Sobre la democracia representativa y participativa en la Universidad: Juan Guillermo Angel Mejía

Abril/23 Intervención del exrector de la UTP, exalcalde de Pereira y expresidente del Senado, Juan Guillermo Angel Mejía, en el Foro Democracia, Autonomía y Buen Gobierno, realizado por esa Universidad y su análisis del modelo de gobernabilidad de la universidad pública.

El Consejo Superior de la Universidad Tecnológica de Pereira ha decidido convocar a dos foros para que la institución, de cara a la ciudad y a todo aquel que quiera enterarse y participar,  analice la manera de seleccionar a la mejor persona como representante legal de este ente de derecho público, creado por la ley y gracias al esfuerzo y trabajo de esta ciudad.
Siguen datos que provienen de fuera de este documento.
(* Let $T$ be a rooted tree whose leaves are the keys $[n]=\{1,\dots,n\}$, and for each node $v$ of $T$ let $R_v$ be the set of leaves in the subtree of $v$. Let $p=(p_1,\dots,p_n)\in[0,1]^n$ with $\sum_i p_i$ an integer. Let $S$ be the random output of the hierarchy summarization procedure applied to $T$ and $p$. Then the distribution of $S$ is VarOpt for $p$, and for every node $v$ of $T$, with probability one, $|S\cap R_v|\in\{\lfloor p(R_v)\rfloor,\lceil p(R_v)\rceil\}$, where $p(R)=\sum_{i\in R}p_i$. In particular the maximum range discrepancy over the ranges $\{R_v\}$ is less than $1$.
   Context: Pair-Aggregate$(p,i,j)$, for indices $i\ne j$ with $0<p_i,p_j<1$, modifies only entries $i,j$ of the current vector $p$: if $p_i+p_j<1$, then with probability $p_i/(p_i+p_j)$ set $(p_i,p_j)\leftarrow(p_i+p_j,0)$ and otherwise set $(p_i,p_j)\leftarrow(0,p_i+p_j)$; if $p_i+p_j\ge 1$, then with probability $(1-p_j)/(2-p_i-p_j)$ set $(p_i,p_j)\leftarrow(1,p_i+p_j-1)$ and otherwise set $(p_i,p_j)\leftarrow(p_i+p_j-1,1)$ (independent fresh randomness each call). The hierarchy summarization procedure: starting from the vector $p$, as long as there are at least two indices whose current value lies in $(0,1)$, choose a pair $i\ne j$ of such indices whose lowest common ancestor $\mathrm{LCA}(i,j)$ in $T$ is lowest, i.e. there is no other pair of indices with current values in $(0,1)$ whose LCA is a proper descendant of $\mathrm{LCA}(i,j)$ (ties broken arbitrarily), and apply Pair-Aggregate to it; at termination output $S=\{i: p_i=1\}$ for the final vector. A distribution over subsets $S\subseteq[n]$ is VarOpt for $p$ if $\Pr[i\in S]=p_i$ for all $i$, $|S|=\sum_ip_i$ with probability one, and for every $J\subseteq[n]$, $\Pr[J\subseteq S]\le\prod_{i\in J}p_i$ and $\Pr[J\cap S=\emptyset]\le\prod_{i\in J}(1-p_i)$. The maximum range discrepancy over a family of ranges $\mathcal{R}$ is $\max_{S}\max_{R\in\mathcal{R}}\big||S\cap R|-p(R)\big|$ over $S$ in the support. *)

From HB Require Import structures.
From mathcomp Require Import all_boot all_order all_algebra.
From mathcomp Require Import reals.
From Stdlib Require List.
Set Implicit Arguments. Unset Strict Implicit. Unset Printing Implicit Defensive.
Import Order.TTheory GRing.Theory Num.Theory.
Local Open Scope ring_scope.

Inductive tree (n : nat) : Type :=
| Leaf of 'I_n
| Node of seq (tree n).
Arguments Leaf {n}.
Arguments Node {n}.

Fixpoint leaves {n} (t : tree n) : seq 'I_n :=
  match t with
  | Leaf i => [:: i]
  | Node ts => flatten (map leaves ts)
  end.

Fixpoint nodes {n} (t : tree n) : seq (tree n) :=
  t :: match t with
       | Leaf _ => [::]
       | Node ts => flatten (map nodes ts)
       end.

(* every internal node has at least one child (so leaves are exactly keys) *)
Fixpoint no_empty_node {n} (t : tree n) : Prop :=
  match t with
  | Leaf _ => True
  | Node ts => ts <> [::] /\ (fix all_ok (l : seq (tree n)) : Prop :=
                 match l with [::] => True | u :: l' => no_empty_node u /\ all_ok l' end) ts
  end.

Definition keyed_tree {n} (T : tree n) : Prop :=
  no_empty_node T /\ perm_eq (leaves T) (enum 'I_n).

Definition range_of {n} (v : tree n) : {set 'I_n} := [set i | i \in leaves v].

Definition descendant {n} (u v : tree n) : Prop := List.In u (nodes v).
Definition proper_descendant {n} (u v : tree n) : Prop := descendant u v /\ u <> v.

Definition is_lca {n} (T : tree n) (i j : 'I_n) (u : tree n) : Prop :=
  descendant u T /\ i \in leaves u /\ j \in leaves u /\
  forall w, proper_descendant w u -> ~ (i \in leaves w /\ j \in leaves w).

Section Procedure.
Variable R : realType.
Variable n : nat.
Variable T : tree n.

Definition fractional (p : 'I_n -> R) (i : 'I_n) : Prop := 0 < p i < 1.

Definition upd (p : 'I_n -> R) (i j : 'I_n) (a b : R) : 'I_n -> R :=
  fun k => if k == i then a else if k == j then b else p k.

(* Pair-Aggregate(p,i,j): (q, p1, p2) meaning p1 with probability q and
   p2 with probability 1 - q. *)
Definition pair_aggregate (p : 'I_n -> R) (i j : 'I_n) : R * ('I_n -> R) * ('I_n -> R) :=
  let s := p i + p j in
  if s < 1 then (p i / s, upd p i j s 0, upd p i j 0 s)
  else ((1 - p j) / (2 - s), upd p i j 1 (s - 1), upd p i j (s - 1) 1).

Definition lowest_pair (p : 'I_n -> R) (i j : 'I_n) : Prop :=
  i != j /\ fractional p i /\ fractional p j /\
  exists u, is_lca T i j u /\
    forall a b w, a != b -> fractional p a -> fractional p b ->
      is_lca T a b w -> ~ proper_descendant w u.
(* Let $K\in{\rm Alg}(V)$ be a cubic cyclic Galois field extension of $F$ with ${\rm Gal}(K/F)=\langle\tau\rangle$, and let $(f,g)\in{\rm Gl}(V)\times{\rm Gl}(V)$. Then there exists $(f',g')\in{\rm Gl}(V)\times{\rm Gl}(V)$ with $K^{(f,g)}\cong K^{(f',g')}$ such that $f'$ has exactly one of the following forms: (1) $f'={\rm id}+L(y_1)\tau+L(y_2)\tau^2$ with $y_1,y_2\in K^\times$ and $N(y_1)+N(y_2)-T(\tau(y_1)\tau^2(y_2))\ne-1$; (2) $f'={\rm id}+L(y_2)\tau^2$ with $y_2\in K^\times$, $N(y_2)\ne-1$; (3) $f'={\rm id}+L(y_1)\tau$ with $y_1\in K^\times$, $N(y_1)\ne-1$; (4) $f'={\rm id}$; (5) $f'=L(y_1)\tau+L(y_2)\tau^2$ with $y_1,y_2\in K^\times$, $N(y_2)\ne-N(y_1)$; (6) $f'=L(y_2)\tau^2$ with $y_2\in K^\times$; (7) $f'=L(y_1)\tau$ with $y_1\in K^\times$. Moreover, algebras $K^{(f',g')}$ and $K^{(f'',g'')}$ with $f',f''$ of different forms among (1)–(7) are never isomorphic.
   Context: $F$ is a field, $V$ a $3$-dimensional $F$-vector space, $K\in{\rm Alg}(V)$ an $F$-algebra structure on $V$ which is a field. $N=N_{K/F}$ and $T=T_{K/F}$ are the field norm and trace. $L(x)$ is the map $y\mapsto xy$. For $f,g\in{\rm End}_F(V)$, $K^{(f,g)}$ is $V$ with product $x\cdot y=f(x)g(y)$. (For reference, the map ${\rm id}\cdot L(y_0)+L(y_1)\tau+L(y_2)\tau^2$ has determinant $N(y_0)+N(y_1)+N(y_2)-T(y_0\tau(y_1)\tau^2(y_2))$.) *)

From HB Require Import structures.
From mathcomp Require Import all_boot all_order all_algebra all_fingroup all_field.
Set Implicit Arguments. Unset Strict Implicit. Unset Printing Implicit Defensive.
Import GRing.Theory.
Local Open Scope ring_scope.

Section Defs.
Variables (F : fieldType) (L : splittingFieldType F).

(** Gl(V): invertible F-linear endomorphisms of V = L. *)
Definition isGl (f : 'End(L)) : Prop :=
  exists h : 'End(L), (forall x, f (h x) = x) /\ (forall x, h (f x) = x).

(** K^(f,g) ≅ K^(f',g') as F-algebras: an F-linear bijection phi with
    phi (f x * g y) = f' (phi x) * g' (phi y). *)
Definition alg_iso (f g f' g' : 'End(L)) : Prop :=
  exists phi : 'End(L), isGl phi /\
    forall x y, phi (f x * g y) = f' (phi x) * g' (phi y).

Definition NK (a : L) : L := galNorm 1%VS {:L} a.
Definition TK (a : L) : L := galTrace 1%VS {:L} a.

Definition nform (tau : gal_of {:L}) (k : nat) (f : 'End(L)) : Prop :=
  match k with
  | 1 => exists y1 y2 : L, y1 != 0 /\ y2 != 0 /\
           NK y1 + NK y2 - TK (tau y1 * tau (tau y2)) != -1 /\
           forall x, f x = x + y1 * tau x + y2 * tau (tau x)
  | 2 => exists y2 : L, y2 != 0 /\ NK y2 != -1 /\
           forall x, f x = x + y2 * tau (tau x)
  | 3 => exists y1 : L, y1 != 0 /\ NK y1 != -1 /\
           forall x, f x = x + y1 * tau x
  | 4 => forall x, f x = x
  | 5 => exists y1 y2 : L, y1 != 0 /\ y2 != 0 /\ NK y2 != - NK y1 /\
           forall x, f x = y1 * tau x + y2 * tau (tau x)
  | 6 => exists y2 : L, y2 != 0 /\ forall x, f x = y2 * tau (tau x)
  | 7 => exists y1 : L, y1 != 0 /\ forall x, f x = y1 * tau x
  | _ => False
  end.
End Defs.

From HB Require Import structures.
From mathcomp Require Import all_boot all_order all_algebra all_fingroup all_field.
From mathcomp Require Import cyclic ring zify.
Set Implicit Arguments. Unset Strict Implicit. Unset Printing Implicit Defensive.
Import GRing.Theory.
Local Open Scope ring_scope.

(* Every F-linear endomorphism of K is uniquely x |-> a0 x + a1 tau(x) + a2 tau^2(x)
   (Dedekind independence of the Galois automorphisms plus a dimension count), and its
   matrix in these coordinates has determinant N(a0) + N(a1) + N(a2) - T(a0 tau(a1) tau^2(a2)).
   If a0 <> 0, replacing (f, g) by (L(a0)^-1 f, L(a0) g) does not change the algebra and
   normalizes a0 to 1; invertibility of f then becomes the inequality attached to each form.
   Conversely, every isomorphism K^(f,g) -> K^(f',g') is y |-> b sigma(y) with sigma in
   Gal(K/F), which multiplies each coefficient of f by a nonzero scalar; hence the set of
   nonzero coefficients, which tells the seven forms apart, is an isomorphism invariant. *)

Section Isotopes.
Variables (F : fieldType) (L : splittingFieldType F).

Lemma twisted_mul_gal (u : 'End(L)) : u 1 != 0 ->
    (forall w c, u (w * c) * u 1 = u w * u c) ->
  exists2 r : gal_of {:L}, r \in ('Gal({:L} / 1%VS))%g & forall c, u c = u 1 * r c.
Proof.
move=> u1_neq0 uM.
pose s : 'End(L) := (amull ((u 1)^-1)%R \o u)%VF.
have sE c : s c = (u 1)^-1 * u c by rewrite comp_lfunE lfunE.
have s_mono : monoid_morphism s.
  split=> [|w c]; first by rewrite sE mulVf.
  by rewrite !sE; apply: (mulIf u1_neq0); rewrite -mulrA uM; field.
have : kAut 1 {:L} s by rewrite kAutfE; apply/kHom_monoid_morphism.
case/kAut_to_gal=> r Gr sr; exists r => // c.
by rewrite -sr ?memvf // sE mulrA mulfV // mul1r.
Qed.


Lemma isGl_eq0 (u : 'End(L)) x : isGl u -> (u x == 0) = (x == 0).
Proof.
case=> v [_ vu]; apply/idP/idP=> /eqP ux0; apply/eqP; last by rewrite ux0 linear0.
by rewrite -(vu x) ux0 linear0.
Qed.

Lemma isGl_id : isGl (\1%VF : 'End(L)).
Proof. by exists \1%VF; split=> x; rewrite !id_lfunE. Qed.

Lemma alg_iso_gal (f g f' g' : 'End(L)) : isGl f -> isGl g -> alg_iso f g f' g' ->
  exists b d (r : gal_of {:L}), [/\ b != 0, d != 0, r \in ('Gal({:L} / 1%VS))%g
    & forall x, b * r (f x) = f' (b * r x) * d].
Proof.
move=> [fi [ffi _]] [gi [ggi _]] [u [Gl_u uM]].
(* As g is onto, u (f x * c) = f' (u x) * D c; comparing with c = 1 shows that u is
   multiplicative up to the factor u 1, hence a multiple of a Galois automorphism. *)
pose D c := g' (u (gi c)); pose d := D 1.
have uf_mul x c : u (f x * c) = f' (u x) * D c by rewrite -{1}(ggi c) uM.
have uf x : u (f x) = f' (u x) * d by rewrite -uf_mul mulr1.
have u1_neq0 : u 1 != 0 by rewrite isGl_eq0 ?oner_eq0.
have d_neq0 : d != 0.
  by apply: contraNneq u1_neq0 => d0; rewrite -(ffi 1) uf d0 mulr0.
have uD w c : u (w * c) * d = u w * D c by rewrite -(ffi w) uf_mul uf mulrAC.
have uM1 w c : u (w * c) * u 1 = u w * u c.
  have uc : u c * d = u 1 * D c by rewrite -uD mul1r.
  by apply: (mulIf d_neq0); rewrite mulrAC uD -[RHS]mulrA uc; ring.
have [r Gr uE] := twisted_mul_gal u1_neq0 uM1.
by exists (u 1), d, r; split=> // x; rewrite -!uE uf.
Qed.

Lemma isGl_amull_comp (f : 'End(L)) c : c != 0 -> isGl f -> isGl (amull c \o f)%VF.
Proof.
move=> c_neq0 [h [fh hf]]; exists (h \o amull c^-1%R)%VF.
by split=> x; rewrite !comp_lfunE !lfunE /= ?fh ?mulVKf ?mulKf ?hf.
Qed.

Lemma alg_iso_amull (f g : 'End(L)) c : c != 0 ->
  alg_iso f g (amull c^-1%R \o f)%VF (amull c \o g)%VF.
Proof.
move=> c_neq0; exists \1%VF; split=> [|x y]; first exact: isGl_id.
by rewrite !id_lfunE !comp_lfunE !lfunE /= mulrACA mulVf ?mul1r.
Qed.

Lemma alg_iso_refl (f g : 'End(L)) : alg_iso f g f g.
Proof.
by exists \1%VF; split=> [|x y]; rewrite ?id_lfunE //; exact: isGl_id.
Qed.

End Isotopes.

Section CyclicCubic.
Variables (F : fieldType) (L : splittingFieldType F).
Hypotheses (dimL : \dim {:L} = 3%N) (galL : galois 1%VS {:L}).
Variable tau : gal_of {:L}.
Hypothesis Gal_tau : ('Gal({:L} / 1%VS) = <[tau]>)%g.

Lemma order_tau : #[tau]%g = 3%N.
Proof. by rewrite /order -Gal_tau -galois_dim // dimL dimv1 divn1. Qed.

Lemma tau3K x : tau (tau (tau x)) = x.
Proof.
have : (tau ^+ 3)%g x = x by rewrite -order_tau expg_order gal_id.
by rewrite !expgS expg0 mulg1 !galM ?memvf.
Qed.

Lemma mem_Gal_tau y : (y \in 'Gal({:L} / 1%VS))%g = (y \in [:: 1; tau; tau * tau]%g).
Proof. by rewrite Gal_tau cycle_traject order_tau /= mulg1. Qed.

Lemma tau_neq1 : tau != 1%g.
Proof. by apply/eqP=> tau1; have := order_tau; rewrite tau1 order1. Qed.

Lemma tau2_neq1 : (tau * tau != 1)%g.
Proof.
by apply/eqP=> tau2; move: (order_dvdn tau 2); rewrite order_tau expgS expg1 tau2 eqxx.
Qed.

Lemma tau2_neq_tau : (tau * tau != tau)%g.
Proof. by rewrite -[X in _ != X](mulg1 tau) (inj_eq (mulgI tau)) tau_neq1. Qed.

Lemma uniq_Gal_tau : uniq [:: 1; tau; tau * tau]%g.
Proof.
rewrite /= !inE !negb_or !(eq_sym _ (tau * tau)%g) !(eq_sym 1%g).
by rewrite tau_neq1 tau2_neq1 tau2_neq_tau.
Qed.

Lemma big_Gal_tau (R : Type) (idx : R) (op : Monoid.com_law idx) (G : gal_of {:L} -> R) :
  \big[op/idx]_(y in 'Gal({:L} / 1%VS)%g) G y = op (G 1%g) (op (G tau) (G (tau * tau)%g)).
Proof.
rewrite (eq_bigl _ _ mem_Gal_tau) -big_uniq ?uniq_Gal_tau //.
by rewrite !big_cons big_nil Monoid.mulm1.
Qed.

Lemma NK_tau a : NK a = a * tau a * tau (tau a).
Proof.
rewrite /NK /galNorm (big_Gal_tau ( *%R%R : Monoid.com_law (1 : L))) /= gal_id galM ?memvf //.
by rewrite mulrA.
Qed.

Lemma TK_tau a : TK a = a + tau a + tau (tau a).
Proof.
rewrite /TK /galTrace (big_Gal_tau (+%R%R : Monoid.com_law (0 : L))) /= gal_id galM ?memvf //.
by rewrite addrA.
Qed.

Definition tau_comb (a0 a1 a2 : L) : 'End(L) :=
  (amull a0 + (amull a1 \o tau) + (amull a2 \o (tau \o tau)))%VF.

Lemma tau_combE a0 a1 a2 x : tau_comb a0 a1 a2 x = a0 * x + a1 * tau x + a2 * tau (tau x).
Proof. by rewrite !add_lfunE !comp_lfunE !lfunE. Qed.

Lemma tau_comb_eq0 c0 c1 c2 : tau_comb c0 c1 c2 = 0 -> [/\ c0 = 0, c1 = 0 & c2 = 0].
Proof.
move=> c0E; pose c_ y := if y == 1%g then c0 else if y == tau then c1 else c2.
have c_E : [/\ c_ 1%g = c0, c_ tau = c1 & c_ (tau * tau)%g = c2].
  by rewrite /c_ (negPf tau_neq1) (negPf tau2_neq1) (negPf tau2_neq_tau) !eqxx.
have c_0 y : y \in [:: 1; tau; tau * tau]%g -> c_ y = 0.
  rewrite -mem_Gal_tau; apply: gal_independent => a _.
  rewrite (big_Gal_tau (+%R%R : Monoid.com_law (0 : L))) /=.
  case: c_E => -> -> ->; rewrite gal_id galM ?memvf // addrA.
  by rewrite -tau_combE c0E zero_lfunE.
by case: c_E => <- <- <-; split; apply: c_0; rewrite !inE eqxx ?orbT.
Qed.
La Universidad, en solo 60 años, ha llegado a ser una de las instituciones de educación superior mejor calificada en Colombia, orgullosa de ser reconocida como de alta calidad, no solo en nuestro país sino en el concierto internacional, todo ello gracias a un manejo acertado por parte de los entes de gobierno de la entidad, donde además de la cabeza administrativa, hay una efectiva participación de toda la comunidad, como son los consejos que se ocupan de la parte académica, de los que se dedican a la investigación, de los encargados del bienestar universitario, de quienes se ocupan del manejo financiero y de compras, de la gente de mantenimiento y sostenimiento, de una correcta planificación y formulación de las metas y planes de desarrollo, concertados y construidos como resultado de un esfuerzo amplio de participación y consultas con todos los estamentos, en fin de todo aquello inherente a una entidad tan grande y poderosa como la nuestra.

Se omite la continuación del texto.